Brown’s last day on the job will be June 4, the same day a monument will be unveiled in Moncton marking the second anniversary of the tragic shootings that claimed the lives of RCMP officers Doug Larche, David Ross and Fabrice Gevaudan.

“You don’t just move on from that,” Brown said. “It’s part of me, its part of the organization, it’s part of the time when I was here and June 4 was the right date.”

Some might say that would bring back hurtful memories, but Brown says he also sees it as a time his community came together.

“The police, the community, the media, social media, everybody worked together and that, to me, is positive.”

“Losing three members , yeah that will always be there,” said Brown. “It’s a big one but you hope to get through it like everybody else.”

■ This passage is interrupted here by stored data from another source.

Lemma chain_walk_up (f : nat -> T) N :
  (forall i, (i < N)%N -> e (f i) (f i.+1) /\ s (f i) (f i.+1) = c) ->
  exists p, [/\ path e (f 0%N) p, last (f 0%N) p = f N & walk_len s (f 0%N) p = N%:R * c].
Proof.
elim: N f => [|N IH] g hg; first by exists [::]; rewrite walk_len_nil mul0r.
have [p [hp hl hlen]] := IH (g \o succn) (fun i hi => hg i.+1 hi).
have [e0 s0] := hg 0%N isT.
exists (g 1%N :: p); rewrite /= e0 walk_len_cons hlen s0.
by split; [exact: hp | exact: hl | rewrite mulrSr mulrDl mul1r addrC].
Qed.

Lemma chain_walk_down (f : nat -> T) N :
  (forall i, (i < N)%N -> e (f i.+1) (f i) /\ s (f i.+1) (f i) = c) ->
  exists p, [/\ path e (f N) p, last (f N) p = f 0%N & walk_len s (f N) p = N%:R * c].
Proof.
move=> hf; have [|p] := @chain_walk_up (fun i => f (N - i)%N) N.
  move=> i hi; rewrite -(subnSK hi); apply: hf.
  by rewrite ltn_subrL (leq_ltn_trans (leq0n i) hi).
by rewrite subn0 subnn; exists p.
Qed.

End Walks.

Section PathMetric.
Variables (R : realType) (T : Type) (w s : T -> T -> R).
Hypothesis s_ge0 : forall a b, adj w a b -> 0 <= s a b.

Lemma walk_len_ge0 x p : path (adj w) x p -> 0 <= walk_len s x p.
Proof.
elim: p x => [|y p IH] x /=; first by rewrite walk_len_nil.
by case/andP=> hxy hp; rewrite walk_len_cons addr_ge0 ?s_ge0 ?IH.
Qed.

Lemma path_metric_le_walk x p :
  path (adj w) x p -> path_metric w s x (last x p) <= walk_len s x p.
Proof.
move=> hp; apply: ge_inf; last by exists p.
by exists 0 => _ [q [hq _ ->]]; exact: walk_len_ge0.
Qed.

Lemma path_metric_le_add x p z :
  (exists q, path (adj w) (last x p) q /\ last (last x p) q = z) ->
  path (adj w) x p ->
  path_metric w s x z <= walk_len s x p + path_metric w s (last x p) z.
Proof.
move=> [q0 [hq0 hl0]] hp; rewrite -lerBlDl; apply: lb_le_inf.
  by exists (walk_len s (last x p) q0), q0.
move=> _ [q [hq <- ->]]; rewrite lerBlDl -walk_len_cat -last_cat.
by apply: path_metric_le_walk; rewrite cat_path hp.
Qed.

End PathMetric.

Lemma path_metric_le_lift (R : realType) (T T' : Type) (w s : T -> T -> R)
    (w' s' : T' -> T' -> R) (f : T -> T') x y :
  (forall a b, adj w' a b -> 0 <= s' a b) ->
  (forall p, path (adj w) x p -> exists q, [/\ path (adj w') (f x) q,
     last (f x) q = f (last x p) & walk_len s' (f x) q = walk_len s x p]) ->
  (exists p, path (adj w) x p /\ last x p = y) ->
  path_metric w' s' (f x) (f y) <= path_metric w s x y.
Proof.
move=> s'_ge0 lift [p0 [hp0 hl0]]; apply: lb_le_inf.
  by exists (walk_len s x p0), p0.
move=> _ [p [hp <- ->]]; have [q [hq <- <-]] := lift p hp.
exact: path_metric_le_walk.
Qed.

Section Subdivision.
Variables (R : realType) (V : choiceType) (ori : rel V) (nn : V -> V -> nat).
Variables (w s : V -> V -> R).

Lemma xe0 x y : xe ori nn x y 0 = inl x.
Proof. by rewrite /xe insubF //= /new_pred /= andbF. Qed.

Lemma xe_nn x y : (0 < nn x y)%N -> xe ori nn x y (nn x y) = inl y.
Proof.
move=> hn; rewrite /xe insubF /=; last by rewrite /new_pred /= ltnn !andbF.
by case: eqP hn => // ->.
Qed.

Lemma xe_inner x y k : ori x y -> (0 < k < nn x y)%N ->
  exists h, xe ori nn x y k = inr (exist _ (x, y, k) h).
Proof.
move=> hxy hk; have h : new_pred ori nn (x, y, k) by rewrite /new_pred /= hxy hk.
by exists h; rewrite /xe (insubT (new_pred ori nn) h).
Qed.

Lemma mlink_xe x y k : ori x y -> x != y -> (2 <= nn x y)%N -> (k < nn x y)%N ->
  mlink (xe ori nn x y k) (xe ori nn x y k.+1) = Some (x, y, k) /\
  mlink (xe ori nn x y k.+1) (xe ori nn x y k) = Some (x, y, k).
Proof.
move=> hxy neq_xy hn; case: k => [|k] hk.
  by have [h ->] := @xe_inner x y 1 hxy hn; rewrite xe0 /mlink /= !eqxx.
have [h ->] := @xe_inner x y k.+1 hxy hk.
have [hk2|] := ltnP k.+2 (nn x y).
  have [h' ->] := @xe_inner x y k.+2 hxy hk2.
  by rewrite /mlink /= !eqxx /= ltn_eqF.
move=> hN; have {}hN : k.+2 = nn x y by apply/eqP; rewrite eqn_leq hk.
rewrite hN xe_nn ?(leq_trans _ hn) // /mlink /= [y == x]eq_sym (negbTE neq_xy).
by rewrite andbF hN !eqxx.
Qed.

Lemma mlink_ori (a b : mvertex ori nn) x y i : mlink a b = Some (x, y, i) -> ori x y.
Proof.
case: a => [z|[[[x0 y0] i0] h0]]; case: b => [z'|[[[x1 y1] i1] h1]];
  rewrite /mlink /=; repeat case: ifP => //; move=> *;
  match goal with H : Some _ = Some _ |- _ => case: H => *; subst end;
  first [ by case/andP: h0 | by case/andP: h1 |
    match goal with H : is_true (ori _ _ && _) |- _ => by case/andP: H end ].
Qed.

Hypothesis w_sym : forall x y, w x y = w y x.
Hypothesis w_diag : forall x, w x x = 0.
Hypothesis s_sym : forall x y, 0 < w x y -> s x y = s y x.
Hypothesis s_ge0 : forall x y, 0 < w x y -> 0 <= s x y.
Hypothesis ori_E : orientation w ori.
Hypothesis nn_ge2 : forall x y, 0 < w x y -> (2 <= nn x y)%N.

Let ori_w x y : ori x y -> 0 < w x y. Proof. exact: (ori_E x y).1. Qed.

Let natr_nn_gt0 x y : 0 < w x y -> 0 < (nn x y)%:R :> R.
Proof. by move/nn_ge2; rewrite ltr0n; case: (nn x y). Qed.

Let nn_gt0 x y : ori x y -> (0 < nn x y)%N.
Proof. by move/ori_w/nn_ge2; case: (nn x y). Qed.

Let nn_cancel x y : 0 < w x y -> (nn x y)%:R * (s x y / (nn x y)%:R) = s x y.
Proof. by move/natr_nn_gt0 => hn; rewrite mulrC divfK ?gt_eqF. Qed.

Lemma msigma_ge0 (a b : mvertex ori nn) : 0 <= msigma s a b.
Proof.
rewrite /msigma; case E: (mlink a b) => [[[x y] i]|] //.
by rewrite divr_ge0 ?s_ge0 ?ori_w // (mlink_ori E).
Qed.

Lemma xe_step x y i : ori x y -> (i < nn x y)%N ->
  (adj (mw w) (xe ori nn x y i) (xe ori nn x y i.+1) /\
   msigma s (xe ori nn x y i) (xe ori nn x y i.+1) = s x y / (nn x y)%:R) /\
  (adj (mw w) (xe ori nn x y i.+1) (xe ori nn x y i) /\
   msigma s (xe ori nn x y i.+1) (xe ori nn x y i) = s x y / (nn x y)%:R).
Proof.
move=> hxy hi; have wxy := ori_w hxy.
have neq_xy : x != y by apply: contraTneq wxy => ->; rewrite w_diag ltxx.
have [e1 e2] := mlink_xe hxy neq_xy (nn_ge2 wxy) hi.
by rewrite /adj /mw /msigma e1 e2 mulr_gt0 ?natr_nn_gt0.
Qed.

Lemma xe_walk_down x y j : ori x y -> (j <= nn x y)%N ->
  exists q, [/\ path (adj (mw w)) (xe ori nn x y j) q, last (xe ori nn x y j) q = inl x
    & walk_len (msigma s) (xe ori nn x y j) q = j%:R * (s x y / (nn x y)%:R)].
Proof.
move=> hxy hj; rewrite -(xe0 x y).
by apply: chain_walk_down => i hi; apply: (xe_step hxy (leq_trans hi hj)).2.
Qed.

Many issues faced the force during his tenure

Brown spoke at length about other serious issues the force has faced in the last three years, including clashes with first nations communities over shale gas fracking in 2013, the tragic deaths of the Barthe brothers in Campbellton, and the October 2014 death of Cpl. Ron Francis.

Francis, a member of Kingsclear First Nation took his own life while on medical leave from the RCMP. His story made national headlines for his smoking of medical marijuana while in uniform.

Brown said he was hurt and disappointed by that outcome.

“A lot of people made that, or tried to turn that into a marijuana issue —; a medical marijuana issue,” Brown said. “It wasn’t. It was a mental health issue and Ron, to his credit, raised that awareness.”

Brown says there are challenges ahead in policing because of cash strapped governments. He says that means a need to focus on different ways of doing police work.

“It’s not about having a cop on every corner —; we cant afford a cop on every corner —; but we need the right cop on the right corner.”

Brown says his proudest moments include giving his son his police badge 12 years ago as well as the way the community came together following the Moncton shootings.